--- Task directions ---
Here are the records. Write out exactly the lines between the one holding "exists k m : nat, forall" and the one holding "busemann v ray x", inclusive.

═════ Working data

(* Let $K$ be a field, $v:K^*\to\mathbb Z$ a discrete non-archimedean valuation and $T_v$ the Bruhat–Tits tree of $(K,v)$, with its natural action of $GL(2,K)$. Let $\Gamma$ be a finitely generated group, $\chi\in E^1(\Gamma,K)$, and let $\theta:\Gamma\to K$ be a 1-cocycle for $\chi$ whose class in $H^1(\Gamma,\chi)$ is nonzero. Define $\rho:\Gamma\to GL(2,K)$ by $\rho(g)=\begin{pmatrix}\chi(g)&\theta(g)\\0&1\end{pmatrix}$. If $v\circ\chi\in \mathrm{Hom}(\Gamma,\mathbb Z)$ is nonzero, then the action of $\Gamma$ on $T_v$ via $\rho$ is exceptional.
   Context: $E^1(\Gamma,K)$ is the set of characters $\chi:\Gamma\to K^*$ with $H^1(\Gamma,\chi)\ne 0$, where a 1-cocycle is $\theta:\Gamma\to K$ with $\theta(gh)=\theta(g)+\chi(g)\theta(h)$ and coboundaries are $g\mapsto\mu(\chi(g)-1)$. The Bruhat–Tits tree $T_v$ has as vertices homothety classes of free rank-2 $O_v$-submodules (lattices) of $K^2$ spanning $K^2$, where $O_v=\{v\ge0\}$, two vertices being adjacent when representatives $\Lambda\supset\Lambda'$ satisfy $\Lambda/\Lambda'\cong O_v/\mathfrak m_v$; its boundary is $P^1(\hat K_v)$. For a simplicial tree $T$, rays are isometric maps $r:[a,\infty)\to T$, two rays are equivalent if they eventually coincide up to reparametrization by translation, and $\partial T$ is the set of classes. The Busemann function of $r$ is $b_r(x)=\lim_{t\to\infty}(d(x,r(t))-t)$. If $\Gamma$ acts on $T$ fixing $\alpha\in\partial T$ represented by $r$, the Busemann cocycle is the homomorphism $\omega_\alpha(g)=b_r\circ g-b_r\in\mathbb Z$. The action is exceptional if $\Gamma$ fixes exactly one point of $\partial T$ and the associated Busemann cocycle is nontrivial. *)

From HB Require Import structures.
From mathcomp Require Import all_boot all_order all_algebra.
Set Implicit Arguments. Unset Strict Implicit. Unset Printing Implicit Defensive.
Import Order.TTheory GRing.Theory Num.Theory.
Local Open Scope ring_scope.

Section BT.
Variable K : fieldType.

(** Discrete (normalized) non-archimedean valuation v : K^* -> Z.
    The value of [v] at 0 is irrelevant. *)
Definition discrete_valuation (v : K -> int) : Prop :=
  [/\ (forall x y : K, x != 0 -> y != 0 -> v (x * y) = v x + v y),
      (forall x y : K, x != 0 -> y != 0 -> x + y != 0 ->
          Num.min (v x) (v y) <= v (x + y))
    & (forall n : int, exists x : K, x != 0 /\ v x = n)].

Variable v : K -> int.

Definition inO (x : K) : Prop := x = 0 \/ 0 <= v x.
Definition inm (x : K) : Prop := x = 0 \/ 0 < v x.
Definition congm (x y : K) : Prop := inm (x - y).

Definition vset := 'cV[K]_2 -> Prop.

Definition lattice (L : vset) : Prop :=
  exists b1 b2 : 'cV[K]_2,
    [/\ (forall x, L x <-> exists a c, [/\ inO a, inO c & x = a *: b1 + c *: b2]),
        (forall a c, inO a -> inO c -> a *: b1 + c *: b2 = 0 -> a = 0 /\ c = 0)
      & (forall y : 'cV[K]_2, exists k1 k2 : K, y = k1 *: b1 + k2 *: b2)].

(** Homothety of lattices (vertices of T_v are homothety classes). *)
Definition homot (L1 L2 : vset) : Prop :=
  exists c : K, c != 0 /\ forall x, L2 x <-> exists y, L1 y /\ x = c *: y.

(** [L' ⊆ L] and [L / L' ≅ O_v / m_v] as O_v-modules: there is an O_v-linear
    surjection L -> O_v/m_v (given by an O_v-valued lift [phi]) with kernel L'. *)
Definition quot_residue (L L' : vset) : Prop :=
  (forall x, L' x -> L x) /\
  exists phi : 'cV[K]_2 -> K,
    [/\ (forall x, L x -> inO (phi x)),
        (forall x y a b, L x -> L y -> inO a -> inO b ->
            congm (phi (a *: x + b *: y)) (a * phi x + b * phi y)),
        (forall c, inO c -> exists x, L x /\ congm (phi x) c)
      & (forall x, L x -> (L' x <-> inm (phi x)))].

Definition adj (L1 L2 : vset) : Prop :=
  exists M1 M2, [/\ lattice M1, lattice M2, homot L1 M1, homot L2 M2
                  & quot_residue M1 M2 \/ quot_residue M2 M1].

Fixpoint tpath (n : nat) (x y : vset) : Prop :=
  match n with
  | 0 => homot x y
  | n'.+1 => exists z, lattice z /\ adj x z /\ tpath n' z y
  end.

Definition dist (x y : vset) (n : nat) : Prop :=
  tpath n x y /\ forall m, (m < n)%N -> ~ tpath m x y.

Definition is_ray (r : nat -> vset) : Prop :=
  (forall t, lattice (r t)) /\
  forall s t, dist (r s) (r t) (maxn s t - minn s t).

Definition ray_equiv (r1 r2 : nat -> vset) : Prop :=
  exists k m : nat, forall n, homot (r1 (n + k)%N) (r2 (n + m)%N).

Definition act (g : 'M[K]_2) (L : vset) : vset :=
  fun x => exists y, L y /\ x = g *m y.

Definition act_ray (g : 'M[K]_2) (r : nat -> vset) : nat -> vset :=
  fun t => act g (r t).

Definition busemann (r : nat -> vset) (x : vset) (c : int) : Prop :=
  exists N : nat, forall t : nat, (N <= t)%N ->
    exists n, dist x (r t) n /\ (n%:Z - t%:Z = c).

End BT.

Section Grp.
Local Open Scope group_scope.
Variable G : groupType.

Definition finitely_generated : Prop :=
  exists S : seq G, forall g : G, exists w : seq G,
    all (fun s => (s \in S) || (s^-1 \in S)) w /\ g = \prod_(s <- w) s.
End Grp.

Section Coh.
Variables (G : groupType) (K : fieldType).

Definition is_character (chi : G -> K) : Prop :=
  (forall g, chi g != 0) /\ forall g h, chi (g * h)%g = chi g * chi h.

Definition cocycle (chi theta : G -> K) : Prop :=
  forall g h, theta (g * h)%g = theta g + chi g * theta h.

Definition coboundary (chi theta : G -> K) : Prop :=
  exists mu : K, forall g, theta g = mu * (chi g - 1).

Definition E1 (chi : G -> K) : Prop :=
  is_character chi /\ exists theta, cocycle chi theta /\ ~ coboundary chi theta.

Definition rho (chi theta : G -> K) (g : G) : 'M[K]_2 :=
  \matrix_(i < 2, j < 2)
    if (i == 0 :> nat) then (if (j == 0 :> nat) then chi g else theta g)
    else (if (j == 0 :> nat) then 0 else 1).

Definition exceptional (v : K -> int) (r : G -> 'M[K]_2) : Prop :=
  exists ray : nat -> vset K,
    [/\ is_ray v ray,
        (forall g, ray_equiv (act_ray (r g) ray) ray),
        (forall ray', is_ray v ray' -> (forall g, ray_equiv (act_ray (r g) ray') ray') ->
            ray_equiv ray' ray)
      & exists g x c1 c2, [/\ lattice v x, busemann v ray (act (r g) x) c1,
                             busemann v ray x c2 & c1 <> c2]].
End Coh.

(* A vertex of T_v is the class of a lattice O (c, 0) + O (x, 1), that is, a ball of K, and
   [rho g] acts on it through the affine map y |-> chi g * y + theta g.  The balls of centre 0
   form a ray [std_ray] towards the end fixed by the upper triangular matrices; [rho g] moves
   it by v (chi g), so its Busemann cocycle is v o chi, which is nonzero.  Along any ray the
   level v c changes by one at each step and a ray cannot descend and then ascend, so it
   either ascends forever, and is then equivalent to [std_ray], or eventually descends towards
   a boundary point.  If such a ray is invariant, that point is the fixed point
   x0 = theta g0 / (1 - chi g0) of the contraction [rho g0] (v (chi g0) > 0), hence it is fixed
   by every [rho g], i.e. theta g = - x0 * (chi g - 1) would be a coboundary. *)

From HB Require Import structures.
From mathcomp Require Import all_boot all_order all_algebra zify ring.
From Stdlib Require Import FunctionalExtensionality PropExtensionality Classical.
Import Order.TTheory GRing.Theory Num.Theory.
Local Open Scope ring_scope.
Set Implicit Arguments. Unset Strict Implicit. Unset Printing Implicit Defensive.
(* Let $R$ be a ring with unity, $N\geq 2$, and let $C$ be an $N$-complex of $R$-modules. Then $C$ is contractible if and only if $C$ is isomorphic to a direct sum (equivalently, product) of $N$-disks $\bigoplus_{n\in\mathbb{Z}} D^N_n(M_n)=\prod_{n\in\mathbb{Z}} D^N_n(M_n)$ for some family of $R$-modules $\{M_n\}_{n\in\mathbb{Z}}$. Moreover, in this case one can take $M_n={}_1Z_{n-(N-1)}(C)$.
   Context: An $N$-complex $X$ is a sequence of $R$-modules and maps $d_n:X_n\to X_{n-1}$ with any composite of $N$ consecutive maps equal to $0$. Chain maps are degreewise maps commuting with differentials. Two chain maps $f,g:X\to Y$ are chain homotopic if there are maps $s_n:X_n\to Y_{n+N-1}$ with $g_n-f_n=\sum_{i=0}^{N-1} d^{N-1-i}s_{n-i}d^i$ for all $n$; $C$ is contractible if $1_C$ is chain homotopic to $0$. For an $R$-module $M$, the disk $D^N_n(M)$ is the $N$-complex equal to $M$ in degrees $n,n-1,\dots,n-(N-1)$, joined by identity maps, and $0$ elsewhere. For an $N$-complex $X$, ${}_1Z_n(X)=\ker(d_n:X_n\to X_{n-1})$. *)

From HB Require Import structures.
From mathcomp Require Import all_boot all_order all_algebra.
From mathcomp Require Import boolp.

Set Implicit Arguments.
Unset Strict Implicit.
Unset Printing Implicit Defensive.

Import Order.TTheory GRing.Theory Num.Theory.
Local Open Scope ring_scope.

Section DProd.
Variables (R : pzRingType) (I : Type) (F : I -> lmodType R).

Definition dprod := forall i, F i.

HB.instance Definition _ := gen_eqMixin dprod.
HB.instance Definition _ := gen_choiceMixin dprod.

Definition dprod_zero : dprod := fun i => 0.
Definition dprod_opp (x : dprod) : dprod := fun i => - x i.
Definition dprod_add (x y : dprod) : dprod := fun i => x i + y i.
Definition dprod_scale (a : R) (x : dprod) : dprod := fun i => a *: x i.

Lemma dprod_addA : associative dprod_add.
Proof. by move=> x y z; apply: functional_extensionality_dep => i; rewrite /dprod_add addrA. Qed.
Lemma dprod_addC : commutative dprod_add.
Proof. by move=> x y; apply: functional_extensionality_dep => i; rewrite /dprod_add addrC. Qed.
Lemma dprod_add0 : left_id dprod_zero dprod_add.
Proof. by move=> x; apply: functional_extensionality_dep => i; rewrite /dprod_add add0r. Qed.
Lemma dprod_addN : left_inverse dprod_zero dprod_opp dprod_add.
Proof. by move=> x; apply: functional_extensionality_dep => i; rewrite /dprod_add /dprod_opp addNr. Qed.

HB.instance Definition _ := GRing.isZmodule.Build dprod
  dprod_addA dprod_addC dprod_add0 dprod_addN.

Lemma dprod_scaleA a b (v : dprod) :
  dprod_scale a (dprod_scale b v) = dprod_scale (a * b) v.
Proof. by apply: functional_extensionality_dep => i; rewrite /dprod_scale scalerA. Qed.
Lemma dprod_scale1 : left_id 1 dprod_scale.
Proof. by move=> x; apply: functional_extensionality_dep => i; rewrite /dprod_scale scale1r. Qed.
Lemma dprod_scaleDr : right_distributive dprod_scale +%R.
Proof. by move=> a x y; apply: functional_extensionality_dep => i; rewrite /dprod_scale scalerDr. Qed.
Lemma dprod_scaleDl (v : dprod) :
  {morph dprod_scale^~ v : a b / a + b}.
Proof. by move=> a b; apply: functional_extensionality_dep => i; rewrite /dprod_scale scalerDl. Qed.

HB.instance Definition _ := GRing.Zmodule_isLmodule.Build R dprod
  dprod_scaleA dprod_scale1 dprod_scaleDr dprod_scaleDl.

End DProd.

Record precomplex (R : pzRingType) := PreComplex {
  obj :> int -> lmodType R;
  dif : forall n : int, {linear obj n -> obj (n - 1)}
}.

Section Complexes.
Variable R : pzRingType.

(* transport an element living in degree m (packed) to degree n;
   it is the identity (via the equality m = n) when m = n, and 0 otherwise *)
Definition at_deg (X : int -> lmodType R) (n : int) (p : {m : int & X m}) : X n :=
  match projT1 p =P n with
  | ReflectT e => eq_rect (projT1 p) (fun m => X m) (projT2 p) n e
  | ReflectF _ => 0
  end.

Definition difT (X : precomplex R) (p : {m : int & X m}) : {m : int & X m} :=
  existT (fun m => X m) (projT1 p - 1) (@dif R X (projT1 p) (projT2 p)).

══════════

--- Response area ---
  exists k m : nat, forall n, homot (r1 (n + k)%N) (r2 (n + m)%N).

Definition act (g : 'M[K]_2) (L : vset) : vset :=
  fun x => exists y, L y /\ x = g *m y.

Definition act_ray (g : 'M[K]_2) (r : nat -> vset) : nat -> vset :=
  fun t => act g (r t).

Definition busemann (r : nat -> vset) (x : vset) (c : int) : Prop :=
  exists N : nat, forall t : nat, (N <= t)%N ->
    exists n, dist x (r t) n /\ (n%:Z - t%:Z = c).

End BT.

Section Grp.
Local Open Scope group_scope.
Variable G : groupType.

Definition finitely_generated : Prop :=
  exists S : seq G, forall g : G, exists w : seq G,
    all (fun s => (s \in S) || (s^-1 \in S)) w /\ g = \prod_(s <- w) s.
End Grp.

Section Coh.
Variables (G : groupType) (K : fieldType).

Definition is_character (chi : G -> K) : Prop :=
  (forall g, chi g != 0) /\ forall g h, chi (g * h)%g = chi g * chi h.

Definition cocycle (chi theta : G -> K) : Prop :=
  forall g h, theta (g * h)%g = theta g + chi g * theta h.

Definition coboundary (chi theta : G -> K) : Prop :=
  exists mu : K, forall g, theta g = mu * (chi g - 1).

Definition E1 (chi : G -> K) : Prop :=
  is_character chi /\ exists theta, cocycle chi theta /\ ~ coboundary chi theta.

Definition rho (chi theta : G -> K) (g : G) : 'M[K]_2 :=
  \matrix_(i < 2, j < 2)
    if (i == 0 :> nat) then (if (j == 0 :> nat) then chi g else theta g)
    else (if (j == 0 :> nat) then 0 else 1).

Definition exceptional (v : K -> int) (r : G -> 'M[K]_2) : Prop :=
  exists ray : nat -> vset K,
    [/\ is_ray v ray,
        (forall g, ray_equiv (act_ray (r g) ray) ray),
        (forall ray', is_ray v ray' -> (forall g, ray_equiv (act_ray (r g) ray') ray') ->
            ray_equiv ray' ray)
      & exists g x c1 c2, [/\ lattice v x, busemann v ray (act (r g) x) c1,
                             busemann v ray x c2 & c1 <> c2]].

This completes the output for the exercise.